The orphans court were in error, also, in allowing voucher No. 39, purporting to be an open account of C. C. Hyatt, against the “estate of James Lamar,” commencing in June, 1838, and terminating in December 1840, with a certificate of C. C. Hyatt that it had been settled by Marein T. Lamar. Of this claim there is not to be found in the record one particle of evidence to show that a single article in the account was ever sold or delivered to any body. Nor is there any inventory or other proof of the personal property of James Lamar, from which this court might form even a conjecture that the articles charged were supplies necessarily provided by the administer, in a due course of administration, for the sustenance, comfort or preservation of the estate confided to his charge.

The total absence of all evidence as to the nature and circumstances of the personal estate of the deceased; or that the articles consumed, for which the credit is claimed, formed any part of it; or what was the property appraised in the inventory which did not belong to him; or to whom it did belong, should have induced the orphans court to disallow voucher No. 40. Without such proof it is impossible for this court to say that the allowance claimed ought to have been made. In sanctioning such an allowance the orphans court were therefore in error. But is said that no such proof is necessary, because the articles for which a credit is claimed in this voucher being of such a nature as that they must have been consumed in their use by the legatee during her single life, and were therefore her absolute property, the appellants have no right to complain of the allowance which has been made for them. Whether they have a right to complain, or not, this court will not venture to determine, unless the entire will of the testator, James Lamar, be before it. In Evans and al. vs. Iglehart and al., 6 Gill & Johnson, 174, this court have said, in determining on the rights of a residuary legatee for life with a bequest over to others, that whether the legatee for life ‘‘ought to enjoy his (the testator’s) personal estate specifically, or to receive nothing more than the interest on its value, is purely a question as to the intention of the testator, in conformity to which his will must be executed, there being no unbending principle of law to control such intention, whether it be in the one way or the other.” To pronounce what, in this respect, was the intention of James Lamar, the testator, upon a record which does not contain his will, cannot be expected of the court. But even if the will vrere to be found in the record, and our construction of it be what it may, it could throw no light upon the question, nor enable us to determine on the propriety of the allowance made to the appellee for property appraised in the inventory which was no part of the personal estate of the testator.

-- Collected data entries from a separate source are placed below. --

(* Let $\mathbb{F}$ be a field and $f(x)=(x-a)(x-b)\in\mathbb{F}[x]$ with $a,b\in\mathbb{F}^*$, $a\ne b$. Then every $f$-subgroup (in the multiplicative group of any extension field of $\mathbb{F}$) is one of $\langle a,b\rangle$, $\langle a\rangle$, $\langle b\rangle$. Moreover, if an $f$-subgroup $M$ is different from $\langle a,b\rangle$, then every $f$-sequence presenting $M$ is cyclic, so $M$ is a standard $f$-subgroup. Consequently $\langle a,b\rangle$ is the only possible non-standard $f$-subgroup.
   Context: An $f$-sequence is a two-way infinite sequence $(s_n)_{n\in\mathbb{Z}}$ with $f(\sigma)s=0$, where $(\sigma s)_n=s_{n+1}$ (here: $s_n=(a+b)s_{n-1}-ab\,s_{n-2}$). A sequence $s$ presents a finite multiplicative subgroup $M$ if $s$ has smallest period $|M|$ and $M=\{s_0,\ldots,s_{|M|-1}\}$; $M$ is an $f$-subgroup if some $f$-sequence presents it. A sequence is cyclic if there is $\alpha$ with $s_{n+1}=\alpha s_n$ for all $n$. An $f$-subgroup is standard if every $f$-sequence presenting it is cyclic, and non-standard otherwise. $\langle S\rangle$ is the multiplicative group generated by $S$. *)

From HB Require Import structures.
From mathcomp Require Import all_boot all_order all_algebra.
From mathcomp Require Import finmap.
Set Implicit Arguments. Unset Strict Implicit. Unset Printing Implicit Defensive.
Import Order.TTheory GRing.Theory Num.Theory.
Local Open Scope ring_scope.
Local Open Scope fset_scope.

Section Defs.
Variable K : fieldType.

Definition fseq (a b : K) (s : int -> K) : Prop :=
  forall n : int, s n = ((a + b) * s (n - 1) - a * b * s (n - 2))%R.

Definition is_period (s : int -> K) (p : nat) : Prop :=
  forall n : int, s (n + p%:Z)%R = s n.

Definition smallest_period (s : int -> K) (p : nat) : Prop :=
  (0 < p)%N /\ is_period s p /\ (forall q : nat, (0 < q < p)%N -> ~ is_period s q).

Definition finite_mulsubgroup (M : {fset K}) : Prop :=
  1 \in M /\ (forall x, x \in M -> x != 0) /\
  (forall x y, x \in M -> y \in M -> x * y \in M) /\
  (forall x, x \in M -> x^-1 \in M).
(* Let $\gamma>1$, $f\in L^\infty(0,1)$, and let $u$ satisfy the ordinary differential equation \[ x_n\,\partial_n^2u+\gamma\,\partial_nu=f\quad\text{on }(0,1). \] If $x_n\partial_nu\in L^\infty(0,1)$, then $u\in W^{2,\infty}_*(0,1)$ and \[ \|\partial_nu\|_{L^\infty}\le\frac1\gamma\|f\|_{L^\infty},\qquad \|x_n\partial_n^2u\|_{L^\infty}\le 2\|f\|_{L^\infty}. \]
   Context: $x_n\in(0,1)$ is the variable and $\partial_n=d/dx_n$. $W^{2,\infty}_*(0,1)=\{u:\ \partial_nu\in L^\infty(0,1),\ x_n\partial_n^2u\in L^\infty(0,1)\}/\mathbb R$ with norm $\|\partial_nu\|_{L^\infty}+\|x_n\partial_n^2u\|_{L^\infty}$. *)

From HB Require Import structures.
From mathcomp Require Import all_boot all_order all_algebra.
From mathcomp Require Import all_classical all_reals all_analysis.
Set Implicit Arguments. Unset Strict Implicit. Unset Printing Implicit Defensive.
Import Order.TTheory GRing.Theory Num.Theory.
Import numFieldNormedType.Exports.
Local Open Scope classical_set_scope.
Local Open Scope ring_scope.

Definition ae01 (R : realType) (P : R -> Prop) : Prop :=
  {ae (@lebesgue_measure R), forall x : R, 0 < x < 1 -> P x}.

Definition Linf01 (R : realType) (f : R -> R) : Prop :=
  measurable_fun (`]0, 1[ : set R) f /\ exists M : R, ae01 (fun x => `|f x| <= M).

(* u in W^{2,1}_loc(0,1) with first derivative g = d_n u and second
   (weak) derivative h = d_n^2 u:  u is differentiable on (0,1) with
   derivative g, and g is locally absolutely continuous on (0,1) with
   density h, i.e. h is integrable on every [a,b] in (0,1) and
   g b - g a = \int_a^b h. *)
Definition W21loc_derivs (R : realType) (u g h : R -> R) : Prop :=
  (forall x : R, 0 < x < 1 -> is_derive x 1 u (g x)) /\
  (forall a b : R, 0 < a -> a <= b -> b < 1 ->
     (@lebesgue_measure R).-integrable (`[a, b] : set R) (EFin \o h) /\
     g b - g a = Rintegral (@lebesgue_measure R) (`[a, b] : set R) h).

Definition W2inf_star (R : realType) (u g h : R -> R) : Prop :=
  W21loc_derivs u g h /\ Linf01 g /\ Linf01 (fun x => x * h x).

(* Put T = M / gamma.  The equation gives x g' <= gamma (T - g) almost
   everywhere, so g is nonincreasing wherever g >= T; by continuity, as soon
   as g x0 > T we get g >= g x0 on (0, x0].  Fix s in (1/gamma, 1).  Comparing
   g at b and at s b shows that b (g b - T) is multiplied by at least
   s (1 + gamma (1 - s)) > 1 at each step b -> s b, so x g would be unbounded
   near 0, contradicting x g in L^infty.  Hence g <= T, and likewise -g <= T;
   finally |x g'| <= |f| + gamma |g| <= 2 M.  This is a discrete form of the
   monotonicity of x^gamma (g - T), which avoids real powers. *)

From HB Require Import structures.
From mathcomp Require Import all_boot all_order all_algebra.
From mathcomp Require Import all_classical all_reals all_analysis.
From mathcomp Require Import ring lra measurable_realfun.
Set Implicit Arguments. Unset Strict Implicit. Unset Printing Implicit Defensive.
Import Order.TTheory GRing.Theory Num.Theory.
Import numFieldNormedType.Exports.
Local Open Scope classical_set_scope.
Local Open Scope ring_scope.

Section almost_everywhere_on_01.
Context {R : realType}.
Notation mu := (@lebesgue_measure R).

Lemma ae01W (P : R -> Prop) : (forall x, 0 < x < 1 -> P x) -> ae01 P.
Proof. by move=> P01; apply: aeW. Qed.

Lemma ae01S (P Q : R -> Prop) :
  ae01 P -> (forall x, 0 < x < 1 -> P x -> Q x) -> ae01 Q.
Proof.
move=> + PQ; rewrite /ae01; apply: filterS; first exact: (ae_filter_ringOfSetsType mu).
by move=> x Px x01; exact/PQ/Px.
Qed.

Lemma ae01S2 (P Q S : R -> Prop) :
  ae01 P -> ae01 Q -> (forall x, 0 < x < 1 -> P x -> Q x -> S x) -> ae01 S.
Proof.
move=> + + PQS; rewrite /ae01; apply: filterS2; first exact: (ae_filter_ringOfSetsType mu).
by move=> x Px Qx x01; exact: PQS (Px x01) (Qx x01).
Qed.

Lemma ae01_exists_itv (P : R -> Prop) (a b : R) :
  ae01 P -> 0 <= a -> a < b -> b <= 1 -> exists x, a < x < b /\ P x.
Proof.
move=> [N [mN N0 notPN]] a0 ab b1; apply: contrapT => noP.
have : (mu `]a, b[ <= mu N)%E.
  apply: le_measure; rewrite ?inE //= => x /=; rewrite in_itv /= => axb.
  apply: notPN => /= Px; apply: noP; exists x; split => //.
  by apply: Px; case/andP: axb => ax xb; apply/andP; split; lra.
by rewrite N0 lebesgue_measure_itv /= lte_fin ab -EFinD lee_fin; lra.
Qed.

End almost_everywhere_on_01.

Lemma ae_le_Rintegral d (T : measurableType d) (R : realType)
    (mu : {measure set T -> \bar R}) (D : set T) (f1 f2 : T -> R) :
  measurable D -> mu.-integrable D (EFin \o f1) -> mu.-integrable D (EFin \o f2) ->
  {ae mu, forall x, D x -> f1 x <= f2 x} ->
  \int[mu]_(x in D) f1 x <= \int[mu]_(x in D) f2 x.
Proof.
move=> mD i1 i2 [N [mN N0 f12N]].
have mDN : measurable (D `\` N) by exact: measurableD.
have restrict f : mu.-integrable D (EFin \o f) ->
    \int[mu]_(x in D) f x = \int[mu]_(x in D `\` N) f x.
  by move=> fi; rewrite /Rintegral (negligible_integral mN mD fi N0).
rewrite (restrict _ i1) (restrict _ i2).
have DNsub : D `\` N `<=` D by move=> x [].
apply: le_Rintegral => //; [exact: integrableS i1|exact: integrableS i2|].
move=> x [Dx Nx]; rewrite leNgt; apply/negP => f21.
by apply: Nx; apply: f12N => /(_ Dx); rewrite leNgt f21.
Qed.

Section local_primitive.
Context {R : realType}.
Notation mu := (@lebesgue_measure R).

Definition local_primitive01 (h g : R -> R) : Prop :=
  forall a b : R, 0 < a -> a <= b -> b < 1 ->
    mu.-integrable `[a, b] (EFin \o h) /\ g b - g a = \int[mu]_(x in `[a, b]) h x.

Lemma local_primitive01N (h g : R -> R) :
  local_primitive01 h g -> local_primitive01 (fun x => - h x) (fun x => - g x).
Proof.
move=> hg a b a0 ab b1; have [ih E] := hg a b a0 ab b1.
split; first exact: integrableN ih.
rewrite /= opprK addrC -opprB E -mulN1r -(RintegralZl _ _ ih) //.
by apply: eq_Rintegral => x _; rewrite mulN1r.
Qed.

Lemma local_primitive01_continuous (h g : R -> R) : local_primitive01 h g ->
  forall x : R, 0 < x < 1 -> {for x, continuous g}.
Proof.
move=> hg x /andP[x0 x1].
pose a := x / 2; pose b := (x + 1) / 2.
have a0 : 0 < a by rewrite /a; lra.
have ab : a < b by rewrite /a /b; lra.
have b1 : b < 1 by rewrite /b; lra.
have xab : x \in `]a, b[ by rewrite in_itv /= /a /b; apply/andP; split; lra.
have [iab _] := hg a b a0 (ltW ab) b1.
have F_cont := within_continuous_continuous ab
  (parameterized_integral_continuous (ltW ab) iab) xab.
have g_near : \forall t \near x, g a + parameterized_integral mu a t h = g t.
  near=> t; have : t \in `]a, b[ by near: t; exact: near_in_itvoo.
  rewrite in_itv /= => /andP[a_t tb].
  have [_ E] := hg a t a0 (ltW a_t) (lt_trans tb b1).
  by rewrite /parameterized_integral -E addrC subrK.
apply: cvg_trans (near_eq_cvg g_near) _; rewrite -(nbhs_singleton g_near).
exact: cvgD (cvg_cst _) F_cont.
Unshelve. all: by end_near.
Qed.

Lemma measurable_fun_itvoo01 (h : R -> R) :
  (forall a b : R, 0 < a -> a <= b -> b < 1 -> mu.-integrable `[a, b] (EFin \o h)) ->
  measurable_fun (`]0, 1[ : set R) h.
Proof.
move=> hi; rewrite itv_open_bnd_bigcup.
apply/measurable_fun_bigcup => [n|n]; first exact: measurable_itv.
rewrite itv_bnd_open_bigcup.
apply/measurable_fun_bigcup => [m|m]; first exact: measurable_itv.
set a := 0 + _; set b := 1 - _.
have a0 : 0 < a by rewrite /a add0r invr_gt0 ltr0n.
have b1 : b < 1 by rewrite /b ltrBlDr ltrDl invr_gt0 ltr0n.
have [ab|ba] := leP a b; last first.
  by rewrite set_itv_ge ?bnd_simp -?ltNge //; exact: measurable_fun_set0.
by apply/measurable_EFinP; apply: measurable_int (hi a b a0 ab b1).
Qed.

End local_primitive.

We are prepared to ratify and affirm the decree and order of the orphans court,, allowing and passing the administration account of the appellee, except the allowances in said account numbered 10, 39 and 40, and the sum of 'five hundred and thirty-seven dollars and eighty-six cents, being part of allowance number four in said account,, and consisting, of the fifth and sixth items of charge in voucher No. 4, as to which said excepted allowances and items the said decree and order of the orphans court is hereby reversed, hut without prejudice to the rights of the parties in relation thereto. And this cause is to be remanded to the orphans court of Prince George's county, that such further proceedings may be had therein as may be necessary to carry into effect the decree of affirmance in this court; and that it may take such further evidence in relation to said excepted allowances and items as the parties may see fit to offer; and that the said court may finally order and decree thereon as the nature of the ease may require. As to all costs heretofore incurred in this coart, and in the said orphans court,, each party shall pay its own costs.

DECREE REVERSED IN PART., AND CAUSE REMANDED.